One approach that can be used to reduce this complexity is to predict if the next token has an effect on the prediction of the preference label. If the token is unlikely to affect the preference prediction, then some example implementations can decode and sample with the prior probability predicted from (11), without need to apply inference of the preference model component (12). Stated differently, if the token is unlikely to affect the preference prediction, then the model can simply use the base probabilities 120, and not compute the conditional reward probabilities 112. One example approach that can measure such an effect is lookahead prediction of the variance on the model-generated prediction of the label z over the conditional distribution of yt conditioned on the prompt and its prefix.

FIG. 6 provides an illustration of one example lookahead approach. Specifically, FIG. 6 illustrates a lookahead prediction of the variance of the preference predictions over the next token yt. An additional lookahead prediction layer 602 is added to the model to predict the second moment 604 of its predictions for a given prompt x and prefix sequence y:t-1. This predicted second moment 604 performs expectation over the choices of yt. For example, the predicted second moment 604 can take the form E[p(z|x, y:t-1)2].

The predicted second moment 604 can then be combined together with the mean of the predictions over yt, available from the preference prediction up to the previous token (e.g., the conditional reward probabilities 124 from t−1), to generate the variance 603 on model preference predictions with the t-th token. For example, the variance 603 can take the form Var(p(z|x, y:t-1)).

At inference time, a low variance 603 indicates no need to produce preference and posterior predictions. That is, when the variance 603 is sufficiently low (e.g., below a threshold value) then the model can skip generating the conditional reward probabilities 112 and the posterior probabilities 122. In such cases, the model can instead simply sample directly from the base probabilities 120 (e.g., for decoding and/or for use in evaluation of the distillation loss function for distilling to the posterior prediction layer or model). On the other hand, a high variance can result in inference of the full posterior model.

Thus, as shown in FIG. 6, the lookahead prediction layer 602 can be added to the model (e.g., and can be separated from the rest of the model by a Stop Gradient). This lookahead prediction layer 602 predicts the second moment 604 of either the predicted probability of z=1 or of its logit for the actual sampled value of the token yt, averaged over all trained on samples of yt conditioned on the prompt/prefix context x, y:t-1. With the prediction of z=1 from the previous token, which gives the expected probability of a preferred sequence z=1 over the selections of yt, the variance of the predicted probability of z=1 can be computed. If the expected logit is desired, example implementations can match it, similarly to matching the second moment, as the expectation for the previous token will be implicitly done in the probability domain by the model.
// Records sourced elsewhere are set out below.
Lemma le_cdf_of_gt_upper z : B `^ p^-1 * (1 - pi) `^ (- p^-1) < z ->
  pi <= Defs.cdf eta z.
Proof.
rewrite -powR_div ?(ltW B0) ?subr_ge0 ?(ltW pi1)// => Uz.
have z0 : 0 < z := le_lt_trans (powR_ge0 _ _) Uz.
have Bp0 : 0 <= B / (1 - pi) by rewrite divr_ge0 ?subr_ge0 ?ltW.
have : B / (1 - pi) < z `^ p.
  rewrite -(powRVK _ p Bp0 (lt0r_neq0 p0)).
  by rewrite gt0_ltr_powR ?nnegrE ?powR_ge0 ?ltW.
rewrite ltr_pdivrMr ?subr_gt0// => zp.
have tail : (1 - Defs.cdf eta z) * z `^ p <= B.
  rewrite -probability_itvoy; apply: le_trans _ (moment_le (measurable_itv _)).
  apply: (markov_powR p1 moment_integrable) z0 _ => // y /=.
  by rewrite in_itv/= andbT => /ltW /le_trans; apply; exact: ler_norm.
have : (1 - Defs.cdf eta z) * z `^ p < (1 - pi) * z `^ p by lra.
rewrite ltr_pM2r ?powR_gt0//; lra.
Qed.

Lemma ge_lower_of_le_cdf z : pi <= Defs.cdf eta z ->
  - B `^ p^-1 * pi `^ (- p^-1) <= z.
Proof.
rewrite mulNr -powR_div ?(ltW B0) ?(ltW pi0)// => Fz.
rewrite lerNl leNgt; apply/negP => Lz.
have z0 : 0 < - z := le_lt_trans (powR_ge0 _ _) Lz.
have Bp0 : 0 <= B / pi by rewrite divr_ge0 ?ltW.
have : B / pi < (- z) `^ p.
  rewrite -(powRVK _ p Bp0 (lt0r_neq0 p0)).
  by rewrite gt0_ltr_powR ?nnegrE ?powR_ge0 ?ltW.
rewrite ltr_pdivrMr// => zp.
have head : Defs.cdf eta z * (- z) `^ p <= B.
  apply: le_trans _ (moment_le (measurable_itv _)).
  apply: (markov_powR p1 moment_integrable) z0 _ => // y /=.
  by rewrite in_itv/= => yz; rewrite ler_normr lerN2 yz orbT.
have : pi * (- z) `^ p <= Defs.cdf eta z * (- z) `^ p.
  by rewrite ler_wpM2r ?powR_ge0.
lra.
Qed.

Let quantile_set := [set z | pi <= Defs.cdf eta z].

Let VaRE : VaR pi eta = inf quantile_set. Proof. by []. Qed.

Let quantile_set_nonempty : quantile_set !=set0.
Proof.
exists (B `^ p^-1 * (1 - pi) `^ (- p^-1) + 1).
by apply: le_cdf_of_gt_upper; rewrite ltrDl.
Qed.

Let quantile_set_lbound : has_lbound quantile_set.
Proof.
by exists (- B `^ p^-1 * pi `^ (- p^-1)) => z; exact: ge_lower_of_le_cdf.
Qed.

Lemma VaR_ge : - B `^ p^-1 * pi `^ (- p^-1) <= VaR pi eta.
Proof.
rewrite VaRE; apply: lb_le_inf quantile_set_nonempty _ => z.
exact: ge_lower_of_le_cdf.
Qed.

Lemma VaR_le : VaR pi eta <= B `^ p^-1 * (1 - pi) `^ (- p^-1).
Proof.
rewrite VaRE; apply/ler_addgt0Pr => e e0; apply: (ge_inf quantile_set_lbound).
by apply: le_cdf_of_gt_upper; rewrite ltrDl.
Qed.

Lemma cdf_VaR_ge : pi <= Defs.cdf eta (VaR pi eta).
Proof.
rewrite /Defs.cdf (itvNycEbigcap false); apply: ge_fine_probability_bigcap.
- by move=> n; exact: measurable_itv.
- move=> m n mn; apply/subsetPset/subset_itvl.
  by rewrite bnd_simp lerD2l lef_pV2 ?posrE// ler_nat.
- move=> n; have : inf quantile_set < VaR pi eta + n.+1%:R^-1.
    by rewrite VaRE ltrDl.
  case/(inf_lt quantile_set_nonempty) => z Fz /ltW zV.
  exact: le_trans Fz (le_cdf eta _ _ zV).
Qed.

Lemma probability_itvcy_VaR_ge :
  1 - pi <= fine (eta `[VaR pi eta, +oo[%classic).
Proof.
rewrite itvcyEbigcap; apply: ge_fine_probability_bigcap.
- by move=> n; exact: measurable_itv.
- move=> m n mn; apply/subsetPset/subset_itvr.
  by rewrite bnd_simp lerD2l lerN2 lef_pV2 ?posrE// ler_nat.
- move=> n; rewrite probability_itvoy lerD2l lerN2 leNgt; apply/negP => Fz.
  have : inf quantile_set <= VaR pi eta - n.+1%:R^-1 by exact/ge_inf/ltW.
  by rewrite -VaRE lerDl oppr_ge0 leNgt invr_gt0 ltr0n.
Qed.

Let integrable_id_on [D] : measurable D -> eta.-integrable D (EFin \o id).
Proof. by move=> mD; have := integrable_id p1 moment_integrable mD. Qed.

Lemma CVaRE : CVaR pi eta = ((Defs.cdf eta (VaR pi eta) - pi) * VaR pi eta
  + \int[eta]_(y in `]VaR pi eta, +oo[%classic) y) / (1 - pi).
Proof.
rewrite /CVaR.
change (fine _) with (\int[eta]_(y in `]VaR pi eta, +oo[%classic) y).
by field; rewrite subr_eq0 gt_eqF.
Qed.

(* The difference of the two sides is
   pi (I - x (1 - F x)) + (1 - pi) (x F x - J) with I, J the integrals of y
   over ]x, +oo[ and ]-oo, x]; both terms are nonnegative. *)
Lemma mean_le_tail_mean x : (1 - pi) * \int[eta]_y y <=
  (Defs.cdf eta x - pi) * x + \int[eta]_(y in `]x, +oo[%classic) y.
Proof.
have mle : measurable (`]-oo, x]%classic : set R) by exact: measurable_itv.
have mgt : measurable (`]x, +oo[%classic : set R) by exact: measurable_itv.
have -> : \int[eta]_y y = \int[eta]_(y in `]-oo, x]%classic) y
    + \int[eta]_(y in `]x, +oo[%classic) y.
  rewrite -Rintegral_setU ?itv_setU_setT ?integrable_id_on//.
  by rewrite -setCitvl disj_set2E setICr.
have head : \int[eta]_(y in `]-oo, x]%classic) y <= x * Defs.cdf eta x.
  rewrite /Defs.cdf -Rintegral_cst//; apply: le_Rintegral => //.
    exact: integrable_id_on.
  exact: finite_measure_integrable_cst.
have tail : x * (1 - Defs.cdf eta x) <= \int[eta]_(y in `]x, +oo[%classic) y.
  rewrite -probability_itvoy -Rintegral_cst//; apply: le_Rintegral => //.
  - exact: finite_measure_integrable_cst.
  - exact: integrable_id_on.
  - by move=> y /=; rewrite in_itv/= andbT => /ltW.
set J := \int[eta]_(y in _) _ in head *.
set I := \int[eta]_(y in _) _ in tail *.
have : 0 <= pi * (I - x * (1 - Defs.cdf eta x)).
  by rewrite mulr_ge0 ?subr_ge0 ?(ltW pi0).
have : 0 <= (1 - pi) * (x * Defs.cdf eta x - J).
  by rewrite mulr_ge0 ?subr_ge0 ?(ltW pi1).
lra.
Qed.

Lemma cdf_VaR_le_atom :
  Defs.cdf eta (VaR pi eta) - pi <= fine (eta [set VaR pi eta]).
Proof.
by have := probability_itvcy_VaR_ge; rewrite probability_itvcy_atom; lra.
Qed.

Lemma moment_atom_tail_le x :
  fine (eta [set x]) * `|x| `^ p
  + \int[eta]_(y in `]x, +oo[%classic) `|y| `^ p <= B.
Proof.
apply: le_trans (moment_le (measurable_itv `[x, +oo[)).
rewrite itvcy_setU1 Rintegral_setU//; last 2 first.
- rewrite -itvcy_setU1; exact: (integrable_moment_on moment_integrable).
- by rewrite disj_set2E set1I_itvoy.
rewrite (@eq_Rintegral _ _ _ eta [set x] (fun=> `|x| `^ p)) ?Rintegral_cst//.
  by rewrite mulrC.
by move=> y; rewrite inE => ->.
Qed.

Lemma CVaR_ge : - B `^ p^-1 <= CVaR pi eta.
Proof.
have abs_mean : \int[eta]_y `|y| <= B `^ p^-1.
  have := first_moment_le p1 moment_integrable 0 0 B measurableT (lexx 0) B0.
  have -> : fine (eta setT) = 1 by rewrite probability_setT.
  rewrite !mul0r !add0r divr1 mul1r; apply=> //.
  exact: moment_le.
have := le_normr_Rintegral measurableT (integrable_id_on measurableT).
rewrite ler_norml => /andP[mean_ge _].
rewrite CVaRE ler_pdivlMr ?subr_gt0//.
apply: le_trans (mean_le_tail_mean _).
rewrite mulrC ler_wpM2l ?subr_ge0 ?(ltW pi1)//.
lra.
Qed.

Lemma CVaR_le : CVaR pi eta <= B `^ p^-1 * (1 - pi) `^ (- p^-1).
Proof.
rewrite CVaRE ler_pdivrMr ?subr_gt0//.
rewrite -powR_div ?subr_ge0 ?(ltW B0) ?(ltW pi1)//.
have Fpi := cdf_VaR_ge; have atom := cdf_VaR_le_atom.
have := moment_atom_tail_le (VaR pi eta).
have := probability_itvoy eta (VaR pi eta).
set x := VaR pi eta in Fpi atom *; set F := Defs.cdf eta x in Fpi atom *.
set m := fine (eta [set x]) in atom *; set P := \int[eta]_(y in _) _.
move=> tail tail_moment.
have mG : measurable (`]x, +oo[%classic : set R) by exact: measurable_itv.
have := first_moment_le p1 moment_integrable (F - pi) x B mG.
rewrite tail -/P (_ : F - pi + (1 - F) = 1 - pi); last by ring.
have atom_moment : (F - pi) * `|x| `^ p + P <= B.
  by apply: le_trans tail_moment; rewrite lerD2r ler_wpM2r ?powR_ge0.
rewrite subr_ge0 subr_gt0 => /(_ Fpi B0 pi1 atom_moment) bound.
have Ile : \int[eta]_(y in `]x, +oo[%classic) y <=
    \int[eta]_(y in `]x, +oo[%classic) `|y|.
  exact: le_trans (ler_norm _) (le_normr_Rintegral mG (integrable_id_on mG)).
rewrite [leRHS]mulrC; apply: le_trans bound; apply: lerD Ile.
by rewrite ler_wpM2l ?subr_ge0 ?ler_norm.
Qed.

End risk_measures.

Theorem lemma1 (R : realType) (pi eps B : R)
  (hpi0 : 0 < pi) (hpi1 : pi < 1) (heps : 0 < eps) (hB : 0 < B)
  (eta : probability R R) (hL : in_L eps B eta) :
  - B `^ (1 + eps)^-1 <= CVaR pi eta
  /\ CVaR pi eta <= B `^ (1 + eps)^-1 * (1 - pi) `^ (- (1 + eps)^-1)
  /\ - B `^ (1 + eps)^-1 * pi `^ (- (1 + eps)^-1) <= VaR pi eta
  /\ VaR pi eta <= B `^ (1 + eps)^-1 * (1 - pi) `^ (- (1 + eps)^-1).
Proof.
have p1 : 1 < 1 + eps by rewrite ltrDl.
split; first by apply: CVaR_ge.
split; first by apply: CVaR_le.
by split; [apply: VaR_ge | apply: VaR_le].
Qed.
(* Consider the closed-loop scalar system $\dot X(t)=aX(t)+bU(t)$ with $a>0$, $b\ne0$, and the open-loop system $\dot X(t)=aX(t)$, both with random initial state $X(0)$, $h(X(0))<\infty$, $|X(0)|<L$ ($L$ known to sensor and controller), with the sensor communicating over the timing channel described in the context. If there exists an estimator such that in open loop $|X(t)-\hat X(t)|\to0$ in probability as $t\to\infty$, then there exists a controller such that in closed loop $|X(t)|\to0$ in probability as $t\to\infty$.
   Context: Timing channel: symbols from a one-element alphabet; initialized with a symbol received at time $0$; after the acknowledgment of the $i$-th reception the sender waits $W_{i+1}\ge0$ and transmits the next symbol, received after an i.i.d. random delay $S_{i+1}\ge0$; $D_i=W_i+S_i$. The sensor knows $X(0)$, $L$ and the dynamics and encodes into the waiting times (random i.i.d. codebook independent of delays; acknowledgments used only to avoid queuing). The controller (resp. estimator) at time $t$ computes $U(t)$ (resp. $\hat X(t)$) from the inter-reception times of all symbols received by time $t$, $L$, the dynamics (and, for the controller, its own past inputs). Control inputs are applied with infinite precision and zero delay. *)

From HB Require Import structures.
From mathcomp Require Import all_boot all_order all_algebra.
From mathcomp Require Import all_classical all_reals all_analysis.
Set Implicit Arguments. Unset Strict Implicit. Unset Printing Implicit Defensive.
Import Order.TTheory GRing.Theory Num.Theory.
Import numFieldNormedType.Exports.
Local Open Scope classical_set_scope.
Local Open Scope ring_scope.

Section TimingChannel.
Context {R : realType} {d : measure_display} {T : measurableType d}
        {dC : measure_display} {CT : measurableType dC}.

Definition has_density (P : probability T R) (X0 : T -> R) (f : R -> R) :=
  [/\ forall x, 0 <= f x, measurable_fun setT f &
      forall A, measurable A ->
        P (X0 @^-1` A) = (\int[lebesgue_measure]_(x in A) (f x)%:E)%E].

Definition finite_diff_entropy (P : probability T R) (X0 : T -> R) :=
  exists f, has_density P X0 f /\
    (lebesgue_measure).-integrable setT (fun x => (f x * ln (f x))%:E).

(* X0, the codebook randomness C and the delays S_1, S_2, ... (S i is the
   delay of symbol i+1) are mutually independent. *)
Definition mutually_indep (P : probability T R) (X0 : T -> R) (C : T -> CT)
    (S : nat -> T -> R) :=
  forall (n : nat) (A : set R) (B : set CT) (E : nat -> set R),
    measurable A -> measurable B -> (forall i, measurable (E i)) ->
    P (X0 @^-1` A `&` C @^-1` B `&` \bigcap_(i in `I_n) (S i @^-1` E i)) =
    (P (X0 @^-1` A) * P (C @^-1` B) * \prod_(i < n) P (S i @^-1` E i))%E.
(* Any expressivity situation $\mathscr{S}$ is adequate: for every $B$-coalgebra $x\colon X\to BX$ one has $\nu\bigl(x^*\circ\overline{B}^{\underline{\Omega},\tau}\bigr)\sqsubseteq\bigwedge_{\varphi\in L_{\mathscr{S}}}[\![\varphi]\!]_x^{*}\underline{\Omega}$ in the fiber $\mathcal{E}_X$.
   Context: An expressivity situation $\mathscr{S}=(p,B,\Omega,\underline{\Omega},\Sigma,\Lambda,(f_\sigma)_{\sigma\in\Sigma},(\tau_\lambda)_{\lambda\in\Lambda})$ consists of: a fibration $p\colon\mathcal{E}\to\mathcal{C}$ whose fibers $\mathcal{E}_X$ are complete lattices (order $\sqsubseteq$, meets written $\bigwedge$, top $\top$) and whose reindexing functors $f^*$ preserve arbitrary meets; a functor $B\colon\mathcal{C}\to\mathcal{C}$; an object $\Omega\in\mathcal{C}$ with finite powers and an object $\underline{\Omega}\in\mathcal{E}$ above $\Omega$; a ranked alphabet $\Sigma$ with arrows $f_\sigma\colon\Omega^{\mathrm{rank}(\sigma)}\to\Omega$, each having a lifting $g_\sigma\colon\underline{\Omega}^{\mathrm{rank}(\sigma)}\to\underline{\Omega}$ in $\mathcal{E}$ with $pg_\sigma=f_\sigma$; a set $\Lambda$ and arrows $\tau_\lambda\colon B\Omega\to\Omega$. The logic $L_{\mathscr{S}}$ has formulas $\varphi::=\sigma(\varphi_1,\dots,\varphi_{\mathrm{rank}(\sigma)})\ (\sigma\in\Sigma)\mid\heartsuit_\lambda\varphi\ (\lambda\in\Lambda)$, interpreted on a coalgebra $x\colon X\to BX$ by $[\![\sigma(\varphi_1,\dots)]\!]_x=f_\sigma\circ\langle[\![\varphi_1]\!]_x,\dots\rangle$ and $[\![\heartsuit_\lambda\varphi]\!]_x=\tau_\lambda\circ B[\![\varphi]\!]_x\circ x$. The codensity lifting is $\overline{B}^{\underline{\Omega},\tau}P=\bigwedge_{\lambda\in\Lambda,\,h\in\mathcal{E}(P,\underline{\Omega})}(\tau_\lambda\circ B(ph))^*\underline{\Omega}$, and the codensity bisimilarity of $x$ is the greatest fixed point $\nu(x^*\circ\overline{B}^{\underline{\Omega},\tau})$ of the monotone map $x^*\circ\overline{B}^{\underline{\Omega},\tau}$ on $\mathcal{E}_X$. The right-hand side of the claim is the fibrational logical equivalence of $x$. *)

From mathcomp Require Import all_boot.
Set Implicit Arguments.
Unset Strict Implicit.
Unset Printing Implicit Defensive.

Record Category := {
  Ob :> Type;
  Hom : Ob -> Ob -> Type;
  idc : forall X, Hom X X;
  comp : forall X Y Z, Hom Y Z -> Hom X Y -> Hom X Z;
  comp_id_l : forall X Y (f : Hom X Y), comp (idc Y) f = f;
  comp_id_r : forall X Y (f : Hom X Y), comp f (idc X) = f;
  comp_assoc : forall X Y Z W (h : Hom Z W) (g : Hom Y Z) (f : Hom X Y),
      comp h (comp g f) = comp (comp h g) f
}.
Arguments Hom {C} X Y : rename.
Arguments idc {C} X : rename.
Arguments comp {C X Y Z} g f : rename.

Record Endofunctor (C : Category) := {
  fobj :> Ob C -> Ob C;
  fmap : forall X Y, Hom X Y -> Hom (fobj X) (fobj Y);
  fmap_id : forall X, fmap (idc X) = idc (fobj X);
  fmap_comp : forall X Y Z (g : Hom Y Z) (f : Hom X Y),
      fmap (comp g f) = comp (fmap g) (fmap f)
}.
Arguments fmap {C} B {X Y} f : rename.

Record FinPowers (C : Category) (Om : Ob C) := {
  pw : nat -> Ob C;
  proj : forall n, 'I_n -> Hom (pw n) Om;
  tuple : forall (X : Ob C) n, ('I_n -> Hom X Om) -> Hom X (pw n);
  proj_tuple : forall X n (fs : 'I_n -> Hom X Om) i,
      comp (proj i) (tuple fs) = fs i;
  tuple_unique : forall X n (fs : 'I_n -> Hom X Om) (h : Hom X (pw n)),
      (forall i, comp (proj i) h = fs i) -> h = tuple fs
}.
Arguments pw {C Om} P n : rename.
Arguments proj {C Om} P {n} i : rename.
Arguments tuple {C Om} P {X n} fs : rename.

(* ---------- Fibrations with complete-lattice fibers (CLat_/\-fibrations) ----
   A fibration p : E -> C whose fibers are (thin) complete lattices is
   presented, up to equivalence, by its fibers E_X, its reindexing maps f^*
   and the order; an arrow P -> Q of E above f : X -> Y exists (and is then
   unique) iff P ⊑ f^* Q. *)
Record CLatFib (C : Category) := {
  fib : Ob C -> Type;
  fle : forall X, fib X -> fib X -> Prop;
  fle_refl : forall X (a : fib X), fle a a;
  fle_trans : forall X (a b c : fib X), fle a b -> fle b c -> fle a c;
  fle_antisym : forall X (a b : fib X), fle a b -> fle b a -> a = b;
  fmeet : forall X, (fib X -> Prop) -> fib X;
  fmeet_lb : forall X (S : fib X -> Prop) a, S a -> fle (fmeet S) a;
  fmeet_glb : forall X (S : fib X -> Prop) b,
      (forall a, S a -> fle b a) -> fle b (fmeet S);
  reidx : forall X Y, Hom X Y -> fib Y -> fib X;
  reidx_id : forall X (a : fib X), reidx (idc X) a = a;
  reidx_comp : forall X Y Z (g : Hom Y Z) (f : Hom X Y) (a : fib Z),
      reidx (comp g f) a = reidx f (reidx g a);
  reidx_meet : forall X Y (f : Hom X Y) (S : fib Y -> Prop),
      reidx f (fmeet S) = fmeet (fun a => exists2 b, S b & a = reidx f b)
}.
Arguments fib {C} p X : rename.
Arguments fle {C p X} a b : rename.
Arguments fmeet {C p X} S : rename.
Arguments reidx {C p X Y} f a : rename.

(* the E-power  underline(Omega)^n, lying above Omega^n: the product in E of
   n copies of OmU, i.e. /\_i pi_i^* OmU *)
Definition fpow (C : Category) (p : CLatFib C) (Om : Ob C) (P : FinPowers Om)
  (OmU : fib p Om) (n : nat) : fib p (pw P n) :=
  fmeet (fun a => exists i : 'I_n, a = reidx (proj P i) OmU).

Inductive formula (Sig : Type) (rank : Sig -> nat) (Lam : Type) : Type :=
| FOp : forall s : Sig, ('I_(rank s) -> formula rank Lam) -> formula rank Lam
| FMod : Lam -> formula rank Lam -> formula rank Lam.

Definition sem (C : Category) (B : Endofunctor C) (Om : Ob C) (P : FinPowers Om)
  (Sig : Type) (rank : Sig -> nat) (f : forall s, Hom (pw P (rank s)) Om)
  (Lam : Type) (tau : Lam -> Hom (B Om) Om)
  (X : Ob C) (x : Hom X (B X)) : formula rank Lam -> Hom X Om :=
  fix go (phi : formula rank Lam) : Hom X Om :=
  match phi with
  | FOp s args => comp (f s) (tuple P (fun i => go (args i)))
  | FMod l psi => comp (tau l) (comp (fmap B (go psi)) x)
  end.

(* E(Q, OmU) = arrows h : X -> Om of C with Q ⊑ h^* OmU (and p h = h). *)
Definition codensity (C : Category) (p : CLatFib C) (B : Endofunctor C)
  (Om : Ob C) (OmU : fib p Om) (Lam : Type) (tau : Lam -> Hom (B Om) Om)
  (X : Ob C) (Q : fib p X) : fib p (B X) :=
  fmeet (fun a => exists l : Lam, exists h : Hom X Om,
           fle Q (reidx h OmU) /\ a = reidx (comp (tau l) (fmap B h)) OmU).

Definition is_gfp (C : Category) (p : CLatFib C) (X : Ob C)
  (F : fib p X -> fib p X) (nu : fib p X) : Prop :=
  F nu = nu /\ forall a, F a = a -> fle a nu.

(* Every post-fixed point Q of x^* o codensity is contained in the predicate
   [[phi]]^* OmU of each formula, by induction on phi: an operator formula is
   handled by the lifting of f_s, since the tuple of the interpretations of
   its arguments is an E-arrow Q -> OmU^n; a modal formula is handled by the
   codensity lifting itself, one of whose defining meets is exactly
   (tau_l o B [[psi]])^* OmU as soon as [[psi]] is an E-arrow Q -> OmU.
   The greatest fixed point is in particular post-fixed. *)
From Pilot Require Import Defs.
From mathcomp Require Import all_boot.

Set Implicit Arguments.
Unset Strict Implicit.

Section Reindexing.

Variables (C : Category) (p : CLatFib C).

(* Reindexing preserves the meet of {a, b}, which is a when a ⊑ b. *)
Lemma reidx_mono (X Y : Ob C) (g : Hom X Y) (a b : fib p Y) :
  fle a b -> fle (reidx g a) (reidx g b).
Proof.
move=> le_ab.
have meet_ab : fmeet (fun c => c = a \/ c = b) = a.
  apply: fle_antisym; first by apply: fmeet_lb; left.
  by apply: fmeet_glb => c [->|->]; [apply: fle_refl|].
by rewrite -meet_ab reidx_meet; apply: fmeet_lb; exists b; [right|].
Qed.

Lemma le_reidx_tuple_fpow (Om : Ob C) (P : FinPowers Om) (OmU : fib p Om)
    (X : Ob C) (n : nat) (fs : 'I_n -> Hom X Om) (Q : fib p X) :
  (forall i, fle Q (reidx (fs i) OmU)) ->
  fle Q (reidx (Defs.tuple P fs) (fpow P OmU n)).
Proof.
move=> le_Q; rewrite /fpow reidx_meet.
apply: fmeet_glb => _ [_ [i ->] ->].
by rewrite -reidx_comp proj_tuple.
Qed.

Lemma codensity_le_reidx (B : Endofunctor C) (Om : Ob C) (OmU : fib p Om)
    (Lam : Type) (tau : Lam -> Hom (B Om) Om) (X : Ob C) (Q : fib p X)
    (l : Lam) (h : Hom X Om) :
  fle Q (reidx h OmU) ->
  fle (codensity OmU tau Q) (reidx (Defs.comp (tau l) (fmap B h)) OmU).
Proof. by move=> le_Qh; apply: fmeet_lb; exists l, h. Qed.

End Reindexing.

Section Adequacy.

Variables (C : Category) (p : CLatFib C) (B : Endofunctor C).
Variables (Om : Ob C) (P : FinPowers Om) (OmU : fib p Om).
Variables (Sig : Type) (rank : Sig -> nat) (f : forall s, Hom (pw P (rank s)) Om).
Hypothesis lift_f : forall s, fle (fpow P OmU (rank s)) (reidx (f s) OmU).
Variables (Lam : Type) (tau : Lam -> Hom (B Om) Om) (X : Ob C) (x : Hom X (B X)).

Lemma postfixed_le_sem (Q : fib p X) :
  fle Q (reidx x (codensity OmU tau Q)) ->
  forall phi : formula rank Lam, fle Q (reidx (sem f tau x phi) OmU).
Proof.
move=> post; elim=> [s args IH | l psi IH] /=.
- rewrite reidx_comp; apply: fle_trans (reidx_mono _ (lift_f s)).
  exact: le_reidx_tuple_fpow.
- rewrite comp_assoc reidx_comp; apply: fle_trans post _.
  by apply: reidx_mono; apply: codensity_le_reidx.
Qed.

End Adequacy.

Theorem mainTheorem1
  (C : Category) (p : CLatFib C) (B : Endofunctor C)
  (Om : Ob C) (P : FinPowers Om) (OmU : fib p Om)
  (Sig : Type) (rank : Sig -> nat) (f : forall s, Hom (pw P (rank s)) Om)
  (lift_f : forall s, fle (fpow P OmU (rank s)) (reidx (f s) OmU))
  (Lam : Type) (tau : Lam -> Hom (B Om) Om)
  (X : Ob C) (x : Hom X (B X)) (nu : fib p X)
  (Hnu : is_gfp (fun Q => reidx x (codensity OmU tau Q)) nu) :
  fle nu (fmeet (fun a => exists phi : formula rank Lam,
                   a = reidx (sem f tau x phi) OmU)).
Proof.
have [nu_fixed _] := Hnu.
have nu_postfixed : fle nu (reidx x (codensity OmU tau nu)).
  by rewrite nu_fixed; apply: fle_refl.
apply: fmeet_glb => _ [phi ->].
exact: postfixed_le_sem.
Qed.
At inference decoding, in addition to predicting the base probabilities 120 (prior/marginal) of the next token, some example implementations can infer a single prediction of the variance 603 of the preference label prediction. If this variance 603 is large (e.g., higher than some threshold), some example implementations can perform inference of the preference model (12) for all required token values (either all M, top-K, or above some marginal threshold), and sample with the posterior 122. Otherwise, example implementations can sample with the prior base token distribution 120, avoiding the preference inference.

The lookahead prediction layer 602 can be trained using a loss function 606. For example, the loss function 606 can be an L2 loss function. The loss function 606 can compare the predicted second moment 604 with an input comprising a square of an updated probability 607. For example, the updated probability 607 can take the form p(z|x, y:t-1, yt=v). The block v=yt leading to 607 is a selector (one-of) from the vector of M probabilities in 112.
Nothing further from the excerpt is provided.